BEGIN Data provided

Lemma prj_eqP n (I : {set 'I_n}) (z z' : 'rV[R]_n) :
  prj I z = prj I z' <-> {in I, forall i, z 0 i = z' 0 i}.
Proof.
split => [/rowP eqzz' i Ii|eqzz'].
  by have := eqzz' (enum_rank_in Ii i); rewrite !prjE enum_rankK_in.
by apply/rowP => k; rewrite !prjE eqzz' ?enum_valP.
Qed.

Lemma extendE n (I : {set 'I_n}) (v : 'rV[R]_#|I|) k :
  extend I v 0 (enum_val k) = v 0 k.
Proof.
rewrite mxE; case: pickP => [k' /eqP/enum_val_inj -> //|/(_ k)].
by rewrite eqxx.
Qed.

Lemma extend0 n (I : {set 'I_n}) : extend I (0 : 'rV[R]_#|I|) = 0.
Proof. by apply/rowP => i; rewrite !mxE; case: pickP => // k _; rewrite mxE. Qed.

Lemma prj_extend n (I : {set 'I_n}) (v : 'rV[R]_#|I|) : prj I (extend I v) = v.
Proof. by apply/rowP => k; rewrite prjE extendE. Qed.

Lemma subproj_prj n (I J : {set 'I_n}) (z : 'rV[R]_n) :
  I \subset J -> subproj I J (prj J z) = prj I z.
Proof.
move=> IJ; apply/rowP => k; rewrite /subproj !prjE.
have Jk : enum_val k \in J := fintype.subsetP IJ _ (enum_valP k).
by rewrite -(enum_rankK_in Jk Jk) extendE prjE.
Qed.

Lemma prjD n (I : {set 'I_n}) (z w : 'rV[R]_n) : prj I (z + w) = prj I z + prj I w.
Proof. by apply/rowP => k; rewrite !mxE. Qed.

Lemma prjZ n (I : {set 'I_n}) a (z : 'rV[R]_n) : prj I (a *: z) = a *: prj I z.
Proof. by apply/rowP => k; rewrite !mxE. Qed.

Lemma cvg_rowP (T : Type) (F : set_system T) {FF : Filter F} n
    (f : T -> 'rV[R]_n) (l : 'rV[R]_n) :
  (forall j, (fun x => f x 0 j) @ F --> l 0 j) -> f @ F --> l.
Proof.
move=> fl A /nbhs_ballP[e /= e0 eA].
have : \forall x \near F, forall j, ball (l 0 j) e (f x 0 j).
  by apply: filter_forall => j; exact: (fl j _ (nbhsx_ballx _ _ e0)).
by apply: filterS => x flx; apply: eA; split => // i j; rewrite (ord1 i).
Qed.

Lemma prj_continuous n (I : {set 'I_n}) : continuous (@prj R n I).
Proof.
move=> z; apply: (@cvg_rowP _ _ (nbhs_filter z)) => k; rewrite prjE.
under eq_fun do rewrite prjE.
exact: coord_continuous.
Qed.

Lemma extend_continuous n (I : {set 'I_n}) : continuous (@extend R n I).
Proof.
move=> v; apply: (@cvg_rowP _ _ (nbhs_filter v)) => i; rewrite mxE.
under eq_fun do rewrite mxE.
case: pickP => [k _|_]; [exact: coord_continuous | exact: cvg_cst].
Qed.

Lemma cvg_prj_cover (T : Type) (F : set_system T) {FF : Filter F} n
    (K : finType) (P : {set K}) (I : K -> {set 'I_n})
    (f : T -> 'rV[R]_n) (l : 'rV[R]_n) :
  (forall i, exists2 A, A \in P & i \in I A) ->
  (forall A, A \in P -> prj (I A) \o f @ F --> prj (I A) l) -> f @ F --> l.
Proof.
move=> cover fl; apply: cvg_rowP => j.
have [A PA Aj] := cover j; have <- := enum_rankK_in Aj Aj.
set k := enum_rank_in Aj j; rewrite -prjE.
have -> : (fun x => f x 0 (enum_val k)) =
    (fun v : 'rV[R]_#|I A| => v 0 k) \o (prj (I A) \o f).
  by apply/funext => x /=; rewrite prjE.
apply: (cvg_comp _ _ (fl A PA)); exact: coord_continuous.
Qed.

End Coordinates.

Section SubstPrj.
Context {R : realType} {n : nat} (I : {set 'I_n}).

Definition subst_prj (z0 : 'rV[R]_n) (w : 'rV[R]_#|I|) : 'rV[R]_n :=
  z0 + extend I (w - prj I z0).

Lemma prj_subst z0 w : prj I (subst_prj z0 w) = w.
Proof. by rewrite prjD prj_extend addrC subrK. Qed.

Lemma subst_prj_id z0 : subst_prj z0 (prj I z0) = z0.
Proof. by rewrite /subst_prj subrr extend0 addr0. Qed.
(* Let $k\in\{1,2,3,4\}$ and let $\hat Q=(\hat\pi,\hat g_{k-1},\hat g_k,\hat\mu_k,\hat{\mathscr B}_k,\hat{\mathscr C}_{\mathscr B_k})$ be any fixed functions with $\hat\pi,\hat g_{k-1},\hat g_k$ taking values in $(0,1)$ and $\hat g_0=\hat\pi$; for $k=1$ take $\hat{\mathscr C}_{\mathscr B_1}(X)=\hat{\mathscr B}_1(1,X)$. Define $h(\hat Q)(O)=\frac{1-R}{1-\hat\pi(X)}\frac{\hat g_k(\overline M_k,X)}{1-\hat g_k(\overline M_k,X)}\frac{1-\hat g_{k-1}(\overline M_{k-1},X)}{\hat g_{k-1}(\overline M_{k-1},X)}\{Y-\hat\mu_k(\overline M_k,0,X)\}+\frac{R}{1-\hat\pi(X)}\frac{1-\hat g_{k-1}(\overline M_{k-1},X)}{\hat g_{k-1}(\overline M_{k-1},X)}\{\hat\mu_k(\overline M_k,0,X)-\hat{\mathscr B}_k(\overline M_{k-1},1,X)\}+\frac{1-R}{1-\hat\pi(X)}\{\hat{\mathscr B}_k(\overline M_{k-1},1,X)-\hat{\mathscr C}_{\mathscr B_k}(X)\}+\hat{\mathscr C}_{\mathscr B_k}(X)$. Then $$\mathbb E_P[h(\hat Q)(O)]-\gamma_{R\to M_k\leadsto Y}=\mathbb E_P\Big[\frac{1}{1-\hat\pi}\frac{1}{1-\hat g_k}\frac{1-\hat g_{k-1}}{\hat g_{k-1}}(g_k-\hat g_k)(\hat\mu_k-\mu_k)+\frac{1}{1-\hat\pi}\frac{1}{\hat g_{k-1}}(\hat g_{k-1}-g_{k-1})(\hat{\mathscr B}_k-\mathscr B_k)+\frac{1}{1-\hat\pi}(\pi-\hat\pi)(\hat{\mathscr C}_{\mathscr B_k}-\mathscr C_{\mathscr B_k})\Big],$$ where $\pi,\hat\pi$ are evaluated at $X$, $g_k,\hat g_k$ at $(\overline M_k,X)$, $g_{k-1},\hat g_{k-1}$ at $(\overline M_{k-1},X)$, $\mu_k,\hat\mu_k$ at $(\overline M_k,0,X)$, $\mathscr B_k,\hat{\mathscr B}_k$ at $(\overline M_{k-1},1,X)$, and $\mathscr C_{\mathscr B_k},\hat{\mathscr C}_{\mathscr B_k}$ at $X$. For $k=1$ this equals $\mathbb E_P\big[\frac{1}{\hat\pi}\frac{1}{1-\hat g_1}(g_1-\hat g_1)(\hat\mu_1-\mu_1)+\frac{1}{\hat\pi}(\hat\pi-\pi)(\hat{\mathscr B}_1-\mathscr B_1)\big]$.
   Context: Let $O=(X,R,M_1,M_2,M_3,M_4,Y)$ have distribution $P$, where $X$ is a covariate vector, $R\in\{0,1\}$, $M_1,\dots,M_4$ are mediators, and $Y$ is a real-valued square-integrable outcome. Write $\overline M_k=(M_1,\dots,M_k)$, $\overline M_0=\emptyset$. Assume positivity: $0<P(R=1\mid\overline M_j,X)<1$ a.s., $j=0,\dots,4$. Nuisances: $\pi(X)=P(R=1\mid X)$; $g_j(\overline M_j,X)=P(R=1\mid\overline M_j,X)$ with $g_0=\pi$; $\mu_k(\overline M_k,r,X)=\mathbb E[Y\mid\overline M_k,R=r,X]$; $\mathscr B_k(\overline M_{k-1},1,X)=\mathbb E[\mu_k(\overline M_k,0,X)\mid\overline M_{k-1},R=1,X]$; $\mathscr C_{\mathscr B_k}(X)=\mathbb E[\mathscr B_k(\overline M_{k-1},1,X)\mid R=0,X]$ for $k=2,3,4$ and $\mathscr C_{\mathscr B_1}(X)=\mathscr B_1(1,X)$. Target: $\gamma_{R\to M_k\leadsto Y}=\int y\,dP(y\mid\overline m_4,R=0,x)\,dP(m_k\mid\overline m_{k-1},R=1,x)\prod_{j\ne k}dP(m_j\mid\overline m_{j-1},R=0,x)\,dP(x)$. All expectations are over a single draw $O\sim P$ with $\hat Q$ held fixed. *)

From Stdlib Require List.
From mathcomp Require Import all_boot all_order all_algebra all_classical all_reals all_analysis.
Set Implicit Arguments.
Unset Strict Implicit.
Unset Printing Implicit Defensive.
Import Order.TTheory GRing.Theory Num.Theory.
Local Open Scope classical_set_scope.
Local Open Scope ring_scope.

END Data provided

▶ _What is needed_: Look above for the line that contains "by apply: filterS". Starting there, transcribe every line exactly until you have copied the line that contains "Proof. by rewrite /subst_prj".

▶ _Written solution_:
by apply: filterS => x flx; apply: eA; split => // i j; rewrite (ord1 i).
Qed.

Lemma prj_continuous n (I : {set 'I_n}) : continuous (@prj R n I).
Proof.
move=> z; apply: (@cvg_rowP _ _ (nbhs_filter z)) => k; rewrite prjE.
under eq_fun do rewrite prjE.
exact: coord_continuous.
Qed.

Lemma extend_continuous n (I : {set 'I_n}) : continuous (@extend R n I).
Proof.
move=> v; apply: (@cvg_rowP _ _ (nbhs_filter v)) => i; rewrite mxE.
under eq_fun do rewrite mxE.
case: pickP => [k _|_]; [exact: coord_continuous | exact: cvg_cst].
Qed.

Lemma cvg_prj_cover (T : Type) (F : set_system T) {FF : Filter F} n
    (K : finType) (P : {set K}) (I : K -> {set 'I_n})
    (f : T -> 'rV[R]_n) (l : 'rV[R]_n) :
  (forall i, exists2 A, A \in P & i \in I A) ->
  (forall A, A \in P -> prj (I A) \o f @ F --> prj (I A) l) -> f @ F --> l.
Proof.
move=> cover fl; apply: cvg_rowP => j.
have [A PA Aj] := cover j; have <- := enum_rankK_in Aj Aj.
set k := enum_rank_in Aj j; rewrite -prjE.
have -> : (fun x => f x 0 (enum_val k)) =
    (fun v : 'rV[R]_#|I A| => v 0 k) \o (prj (I A) \o f).
  by apply/funext => x /=; rewrite prjE.
apply: (cvg_comp _ _ (fl A PA)); exact: coord_continuous.
Qed.

End Coordinates.

Section SubstPrj.
Context {R : realType} {n : nat} (I : {set 'I_n}).

Definition subst_prj (z0 : 'rV[R]_n) (w : 'rV[R]_#|I|) : 'rV[R]_n :=
  z0 + extend I (w - prj I z0).

Lemma prj_subst z0 w : prj I (subst_prj z0 w) = w.
Proof. by rewrite prjD prj_extend addrC subrK. Qed.

Lemma subst_prj_id z0 : subst_prj z0 (prj I z0) = z0.
Proof. by rewrite /subst_prj subrr extend0 addr0. Qed.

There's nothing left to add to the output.